**Activity**
List each line of the data that holds the string "chordP", please.

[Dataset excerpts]
(* Let $X,Y$ be a section-pair with $m$ chords, and suppose that each vertex of $X$ is incident to at most one chord. Then either there is a family of $m/2$ pairwise-interlacing chords, or there are pairs of distinct chords $(e_i,e'_i)$, $e_i=(x_i,y_i)$, $e'_i=(x'_i,y'_i)$ (with $x_i,x'_i\in X$, $y_i,y'_i\in Y$), $i=1,\dots,t$, such that: (1) for every $1\le i\le t$, $e_i,e'_i$ are either parallel or share their vertex in $Y$ (i.e. $y_i=y'_i$); (2) for every $1\le i<j\le t$, both $e_i$ and $e'_i$ interlace both $e_j$ and $e'_j$; (3) $\sum_{i=1}^t d_X(x_i,x'_i)\ge m/4$.
   Context: A section-pair in a graph $G$ is a pair $X,Y$ of vertex-disjoint paths; the two endpoints of $X$ are designated its top $x^{t}$ and bottom $x^{b}$, and those of $Y$ its top $y^t$ and bottom $y^b$. For distinct $x_1,x_2\in X$, $x_1$ is above $x_2$ if $x_1$ is closer to $x^t$ along $X$ than $x_2$, otherwise below; similarly in $Y$. A chord is an edge of $G$ with one endpoint in $X$ and one in $Y$. For $x_1,x_2\in X$, $d_X(x_1,x_2)$ is the number of edges of the subpath of $X$ between $x_1$ and $x_2$. Two chords $(x_1,y_1),(x_2,y_2)$ ($x_i\in X,y_i\in Y$) with no common vertex are parallel if for some $i\in\{1,2\}$, $x_i$ is above $x_{3-i}$ and $y_i$ is above $y_{3-i}$; otherwise they are interlacing. *)

From mathcomp Require Import all_boot.
Set Implicit Arguments. Unset Strict Implicit. Unset Printing Implicit Defensive.

Section SectionPair.
Variable T : finType.
Variable e : rel T.

Definition simple_graph := symmetric e /\ irreflexive e.

(* A path of G given as the list of its vertices from top to bottom:
   nonempty, no repeated vertex, consecutive vertices adjacent.
   The top is the head of the list, the bottom its last element. *)
Definition is_gpath (s : seq T) : bool :=
  if s is x :: p then path e x p && uniq s else false.

Definition section_pair (X Y : seq T) : Prop :=
  [/\ is_gpath X, is_gpath Y & [disjoint X & Y]].

Variables X Y : seq T.

(* Chords, represented as pairs (x, y) with x in X, y in Y (each chord is
   represented exactly once since X and Y are disjoint). *)
Definition chords : {set T * T} :=
  [set c | [&& c.1 \in X, c.2 \in Y & e c.1 c.2]].

Definition aboveX (u v : T) : bool := index u X < index v X.
Definition aboveY (u v : T) : bool := index u Y < index v Y.

(* d_X(x1,x2): number of edges of the subpath of X between x1 and x2. *)
Definition dX (x1 x2 : T) : nat :=
  (index x1 X - index x2 X) + (index x2 X - index x1 X).

Definition no_common_vertex (c1 c2 : T * T) : bool :=
  [&& c1.1 != c2.1, c1.1 != c2.2, c1.2 != c2.1 & c1.2 != c2.2].

Definition parallel (c1 c2 : T * T) : bool :=
  no_common_vertex c1 c2 &&
  ((aboveX c1.1 c2.1 && aboveY c1.2 c2.2) ||
   (aboveX c2.1 c1.1 && aboveY c2.2 c1.2)).

Definition interlacing (c1 c2 : T * T) : bool :=
  no_common_vertex c1 c2 && ~~ parallel c1 c2.

End SectionPair.

From mathcomp Require Import all_boot zify.
Set Implicit Arguments. Unset Strict Implicit. Unset Printing Implicit Defensive.

(* Place each chord c at the point
   (posX c, posY c) of its positions along X and Y; two chords interlace
   exactly when one is strictly before the other along X and strictly after
   it along Y ("crossing").  Since a vertex of X carries at most one chord,
   posX is injective on chords.

   The core is a greedy decomposition, proved for an arbitrary finite set
   with two orders p, q (p injective): take a with p minimal, b with p
   maximal among the points weakly after a in q, and recurse on the points
   after b.  This yields a list of blocks (a, b) which pairwise entirely
   cross, block (a, b) accounting for at most p b - p a + 1 points.  Hence
   m <= |L| + s, where s sums the lengths of the blocks with a <> b.
   If m <= 2 |L|, the first ends of the blocks are m/2 pairwise interlacing
   chords; otherwise s > m/2, and the blocks with a <> b are the required
   pairs: their chords are parallel or share their Y-end, chords of
   different pairs cross, and their X-lengths add up to s >= m/4. *)

Lemma pairwise_mem2 (A : eqType) (r : rel A) (s : seq A) x y :
  pairwise r s -> x \in s -> y \in s -> x != y -> r x y || r y x.
Proof.
move=> /(pairwiseP x) rs xs ys xy.
have ixy : index x s != index y s.
  by apply: contra xy => /eqP E; rewrite -(nth_index x xs) E nth_index.
have ins z : z \in s -> index z s \in gtn (size s) by rewrite inE index_mem.
have rel_at u v : u \in s -> v \in s -> index u s < index v s -> r u v.
  by move=> us vs; rewrite -{2}(nth_index x us) -{2}(nth_index x vs); apply: rs; exact: ins.
case: (ltngtP (index x s) (index y s)) ixy => // lt _.
  by rewrite rel_at.
by rewrite (rel_at y x) ?orbT.
Qed.

Lemma card_le_range (I : finType) (p : I -> nat) (D : {set I}) lo hi :
  {in D &, injective p} -> {in D, forall c, lo <= p c <= hi} ->
  #|D| <= (hi - lo).+1.
Proof.
move=> pinj prange.
rewrite cardE -(size_map p) -(size_iota lo (hi - lo).+1).
apply: uniq_leq_size => [|k /mapP [c]].
  by rewrite map_inj_in_uniq ?enum_uniq // => u v; rewrite !mem_enum; apply: pinj.
by rewrite mem_enum => /prange + ->; rewrite mem_iota; lia.
Qed.

Section BlockDecomposition.
Variables (I : finType) (p q : I -> nat).

Definition cross (c d : I) : bool := (p c < p d) && (q d < q c).

Definition block (u : I * I) : bool := (p u.1 <= p u.2) && (q u.1 <= q u.2).

Definition blocks_cross (u v : I * I) : bool :=
  [&& cross u.1 v.1, cross u.1 v.2, cross u.2 v.1 & cross u.2 v.2].

(* One greedy step: take a with p minimal, then b with p maximal among the
   elements weakly after a in q.  Every element after b in p crosses both a
   and b, and the injectivity of p bounds the elements not after b by the
   length of the interval [p a, p b]. *)
Lemma peel_block (S : {set I}) c0 :
  c0 \in S -> {in S &, injective p} ->
  exists2 u, [&& u.1 \in S, u.2 \in S & block u] &
    [/\ {in [set c in S | p u.2 < p c], forall c, cross u.1 c && cross u.2 c}
      & #|S| <= (p u.2 - p u.1).+1 + #|[set c in S | p u.2 < p c]|].
Proof.
move=> c0S pinj.
case: (arg_minnP p c0S) => a aS amin; rewrite -/(a \in S) in aS.
have aB : (a \in S) && (q a <= q a) by apply/andP.
case: (@arg_maxnP _ a (fun c => (c \in S) && (q a <= q c)) p aB) => b /andP[bS qab] bmax.
have pab : p a <= p b by exact: bmax.
exists (a, b); first by rewrite /= aS bS /block pab qab.
split=> [c | ] /=.
  rewrite inE => /andP[cS pbc].
  have qca : q c < q a.
    by rewrite ltnNge; apply: contraL pbc => qac; rewrite -leqNgt; apply: bmax; rewrite cS.
  by rewrite /cross (leq_ltn_trans pab pbc) pbc qca (leq_trans qca qab).
have -> : [set c in S | p b < p c] = S :&: [set c | p b < p c].
  by apply/setP => c; rewrite !inE andbC.
rewrite -{1}(cardsID [set c | p b < p c] S) addnC leq_add2r.
apply: card_le_range => [u v | c]; rewrite !inE.
  by move=> /andP[_ uS] /andP[_ vS]; apply: pinj.
by rewrite -leqNgt => /andP[-> /amin ->].
Qed.

Lemma block_decomposition (S : {set I}) :
  {in S &, injective p} ->
  exists L : seq (I * I),
    [/\ all (fun u => [&& u.1 \in S, u.2 \in S & block u]) L,
        pairwise blocks_cross L
      & #|S| <= \sum_(u <- L) (p u.2 - p u.1).+1].
Proof.
elim: {S}_.+1 {-2}S (ltnSn #|S|) => // n IH S leSn pinj.
case: (set_0Vmem S) => [-> | [c0 c0S]].
  by exists [::]; rewrite cards0.
have [[a b] /= /and3P[aS bS ab] [crossS' cardS]] := peel_block c0S pinj.
set S' := [set c in S | p b < p c] in crossS' cardS.
have subS' : S' \subset S by apply/subsetP => c; rewrite inE => /andP[].
have ltS' : #|S'| < n.
  suff : #|S'| < #|S| by lia.
  apply: proper_card; apply/properP; split => //.
  by exists a => //; rewrite inE aS /= -leqNgt; case/andP: ab.
have [L [LS' pL cardS']] := IH S' ltS' (sub_in2 (subsetP subS') pinj).
exists ((a, b) :: L); split.
- rewrite /= aS bS ab; apply: sub_all LS' => u /and3P[u1 u2 ->].
  by rewrite !(subsetP subS').
- rewrite pairwise_cons pL andbT; apply/allP => u /(allP LS') /and3P[u1 u2 _].
  case/andP: (crossS' _ u1); case/andP: (crossS' _ u2).
  by rewrite /blocks_cross /= => -> -> -> ->.
- by rewrite big_cons /=; apply: leq_trans cardS _; rewrite leq_add2l.
Qed.

Lemma blocks_count (L : seq (I * I)) :
  \sum_(u <- L) (p u.2 - p u.1).+1 =
  size L + \sum_(u <- L | u.1 != u.2) (p u.2 - p u.1).
Proof.
rewrite (eq_bigr (fun u => 1 + (p u.2 - p u.1))) // big_split sum1_size /=; congr (_ + _).
rewrite (bigID (fun u => u.1 != u.2)) /= [X in _ + X]big1 ?addn0 // => u /negPn/eqP ->.
by rewrite subnn.
Qed.

End BlockDecomposition.

Section Chords.
Variables (T : finType) (e : rel T) (X Y : seq T).
Hypothesis disXY : [disjoint X & Y].

Definition posX (c : T * T) : nat := index c.1 X.
Definition posY (c : T * T) : nat := index c.2 Y.

Lemma chordP c : c \in chords e X Y -> [/\ c.1 \in X, c.2 \in Y & e c.1 c.2].
Proof. by rewrite inE => /and3P. Qed.

Lemma chords_no_common_vertex c d :
  c \in chords e X Y -> d \in chords e X Y ->
  posX c != posX d -> posY c != posY d -> no_common_vertex c d.
Proof.
move=> /chordP[cX cY _] /chordP[dX dY _] pcd qcd.
have XnY u v : u \in X -> v \in Y -> u != v.
  by move=> uX vY; apply: contraTneq vY => <-; rewrite (disjointFr disXY uX).
apply/and4P; split.
- by apply: contra pcd => /eqP; rewrite /posX => ->.
- exact: XnY.
- by rewrite eq_sym XnY.
- by apply: contra qcd => /eqP; rewrite /posY => ->.
Qed.

Lemma cross_interlacing c d :
  c \in chords e X Y -> d \in chords e X Y -> cross posX posY c d ->
  interlacing X Y c d && interlacing X Y d c.
Proof.
move=> cC dC /andP[pcd qdc].
have ne (m n : nat) : m < n -> m != n /\ n != m by move=> mn; split; lia.
have [[pne pne'] [qne qne']] := (ne _ _ pcd, ne _ _ qdc).
rewrite /interlacing /parallel !chords_no_common_vertex //=.
by rewrite /aboveX /aboveY -!/(posX _) -!/(posY _); lia.
Qed.

Lemma block_parallel c d :
  c \in chords e X Y -> d \in chords e X Y ->
  posX c < posX d -> posY c <= posY d -> parallel X Y c d || (c.2 == d.2).
Proof.
move=> cC dC pcd; rewrite leq_eqVlt => /orP[/eqP qcd | qcd].
  have [[_ cY _] [_ dY _]] := (chordP cC, chordP dC).
  by rewrite (index_inj c.2 cY dY qcd) eqxx orbT.
rewrite /parallel chords_no_common_vertex //; try lia.
by rewrite /aboveX /aboveY -!/(posX _) -!/(posY _) pcd qcd.
Qed.

Lemma crossing_chain_interlacing (A : seq (T * T)) :
  {subset A <= chords e X Y} -> pairwise (cross posX posY) A ->
  {in [set c in A] &, forall c1 c2, c1 != c2 -> interlacing X Y c1 c2}.
Proof.
move=> AC pA c1 c2; rewrite !inE => c1A c2A ne.
have [c1C c2C] := (AC _ c1A, AC _ c2A).
case/orP: (pairwise_mem2 pA c1A c2A ne).
  by move/(cross_interlacing c1C c2C) => /andP[].
by move/(cross_interlacing c2C c1C) => /andP[].
Qed.

Lemma crossing_blocks_interlacing u v :
  [/\ u.1 \in chords e X Y, u.2 \in chords e X Y, v.1 \in chords e X Y
    & v.2 \in chords e X Y] ->
  blocks_cross posX posY u v ->
  [/\ interlacing X Y u.1 v.1, interlacing X Y u.1 v.2,
      interlacing X Y u.2 v.1 & interlacing X Y u.2 v.2].
Proof.
case=> u1 u2 v1 v2 /and4P[c11 c12 c21 c22].
have inter c d : c \in chords e X Y -> d \in chords e X Y ->
    cross posX posY c d -> interlacing X Y c d.
  by move=> cC dC /(cross_interlacing cC dC) /andP[].
by split; apply: inter.
Qed.

Lemma posX_inj :
  (forall x, x \in X -> #|[set c in chords e X Y | c.1 == x]| <= 1) ->
  {in chords e X Y &, injective posX}.
Proof.
move=> atmost1 c d cC dC pcd.
have [[cX _ _] [dX _ _]] := (chordP cC, chordP dC).
have E : c.1 = d.1 by apply: (index_inj c.1 cX dX).
by apply/(card_le1_eqP (atmost1 _ dX)); rewrite inE ?cC ?dC /= ?E eqxx.
Qed.

Definition chord_block (u : (T * T) * (T * T)) : bool :=
  [&& u.1 \in chords e X Y, u.2 \in chords e X Y & block posX posY u].

Section CrossingBlocks.
Variable L : seq ((T * T) * (T * T)).
Hypotheses (LC : all chord_block L) (pL : pairwise (blocks_cross posX posY) L).

Let blockC u : u \in L ->
  [/\ u.1 \in chords e X Y, u.2 \in chords e X Y & block posX posY u].
Proof. by move=> /(allP LC) /and3P[]. Qed.

Lemma blocks_first_ends :
  exists F : {set T * T},
    [/\ F \subset chords e X Y, #|F| = size L &
        {in F &, forall c1 c2, c1 != c2 -> interlacing X Y c1 c2}].
Proof.
have chain : pairwise (cross posX posY) (map fst L).
  by rewrite pairwise_map; apply: sub_pairwise pL => u v /and4P[].
have uniqA : uniq (map fst L).
  by apply: pairwise_uniq chain => c; rewrite /cross ltnn.
have AC : {subset map fst L <= chords e X Y}.
  by move=> c /mapP[u /blockC[u1 _ _] ->].
exists [set c in map fst L]; split.
- by apply/subsetP => c; rewrite inE => /AC.
- by rewrite cardsE (card_uniqP uniqA) size_map.
- exact: crossing_chain_interlacing.
Qed.

(* The
   chord c0 only serves as a default value for indexing. *)
Lemma proper_blocks_pairs (c0 : T * T) :
  {in chords e X Y &, injective posX} ->
  exists (t : nat) (ep ep' : nat -> T * T),
    [/\ forall i, i < t ->
          [/\ ep i \in chords e X Y, ep' i \in chords e X Y & ep i != ep' i],
        forall i, i < t ->
          parallel X Y (ep i) (ep' i) || ((ep i).2 == (ep' i).2),
        forall i j, i < j -> j < t ->
          [/\ interlacing X Y (ep i) (ep j), interlacing X Y (ep i) (ep' j),
              interlacing X Y (ep' i) (ep j) & interlacing X Y (ep' i) (ep' j)]
      & \sum_(u <- L | u.1 != u.2) (posX u.2 - posX u.1) <=
        \sum_(i < t) dX X (ep i).1 (ep' i).1].
Proof.
move=> pinj; set P := [seq u <- L | u.1 != u.2]; pose u i := nth (c0, c0) P i.
have PL i : i < size P -> (u i \in L) && ((u i).1 != (u i).2).
  by move=> iP; have := mem_nth (c0, c0) iP; rewrite mem_filter andbC.
exists (size P), (fun i => (u i).1), (fun i => (u i).2); split.
- by move=> i /PL /andP[/blockC[]].
- move=> i /PL /andP[/blockC[u1 u2 /andP[pu qu]] ne].
  apply: block_parallel => //; rewrite ltn_neqAle pu andbT.
  by apply: contra ne => /eqP /pinj ->.
- move=> i j ij jP; have iP := ltn_trans ij jP.
  have [/andP[/blockC[ui1 ui2 _] _] /andP[/blockC[uj1 uj2 _] _]] := (PL i iP, PL j jP).
  apply: crossing_blocks_interlacing => //.
  exact: (pairwiseP _ (pairwise_filter _ pL)).
- rewrite -big_filter (big_nth (c0, c0)) big_mkord.
  by apply: leq_sum => i _; exact: leq_addl.
Qed.

End CrossingBlocks.

End Chords.

Unset Implicit Arguments.

Theorem lemma4p3 (T : finType) (e : rel T) (X Y : seq T) :
  simple_graph e ->
  section_pair e X Y ->
  (forall x : T, x \in X -> #|[set c in chords e X Y | c.1 == x]| <= 1) ->
  let m := #|chords e X Y| in
  (exists F : {set T * T},
      [/\ F \subset chords e X Y,
          m <= 2 * #|F| &
          {in F &, forall c1 c2, c1 != c2 -> interlacing X Y c1 c2}])
  \/
  (exists (t : nat) (ep ep' : nat -> T * T),
      [/\ forall i, i < t ->
            [/\ ep i \in chords e X Y, ep' i \in chords e X Y & ep i != ep' i],
          forall i, i < t ->
            parallel X Y (ep i) (ep' i) || ((ep i).2 == (ep' i).2),
          forall i j, i < j -> j < t ->
            [/\ interlacing X Y (ep i) (ep j), interlacing X Y (ep i) (ep' j),
                interlacing X Y (ep' i) (ep j) & interlacing X Y (ep' i) (ep' j)]
        & m <= 4 * \sum_(i < t) dX X (ep i).1 (ep' i).1]).
Proof.
move=> _ [_ _ disXY] atmost1 m.
have pinj := posX_inj atmost1.
have [L [LC pL]] := block_decomposition (posY Y) pinj.
rewrite blocks_count -/m => cardC.
case: (leqP m (2 * size L)) => [smallm | bigm]; [left | right].
  have [F [FC cardF interF]] := blocks_first_ends disXY LC pL.
  by exists F; rewrite cardF.
have [c0 _] : exists c0, c0 \in chords e X Y by apply/card_gt0P; rewrite -/m; lia.
have [t [ep [ep' [pairsC pairsP pairsI sumle]]]] :=
  proper_blocks_pairs disXY LC pL c0 pinj.
exists t, ep, ep'; split => //.
have := leq_trans cardC (leq_add (leqnn (size L)) sumle).
(* m <= |L| + s and 2|L| < m give m < 2s. *)
lia.
Qed.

**Written response**
Lemma chordP c : c \in chords e X Y -> [/\ c.1 \in X, c.2 \in Y & e c.1 c.2].
move=> /chordP[cX cY _] /chordP[dX dY _] pcd qcd.
  have [[_ cY _] [_ dY _]] := (chordP cC, chordP dC).
have [[cX _ _] [dX _ _]] := (chordP cC, chordP dC).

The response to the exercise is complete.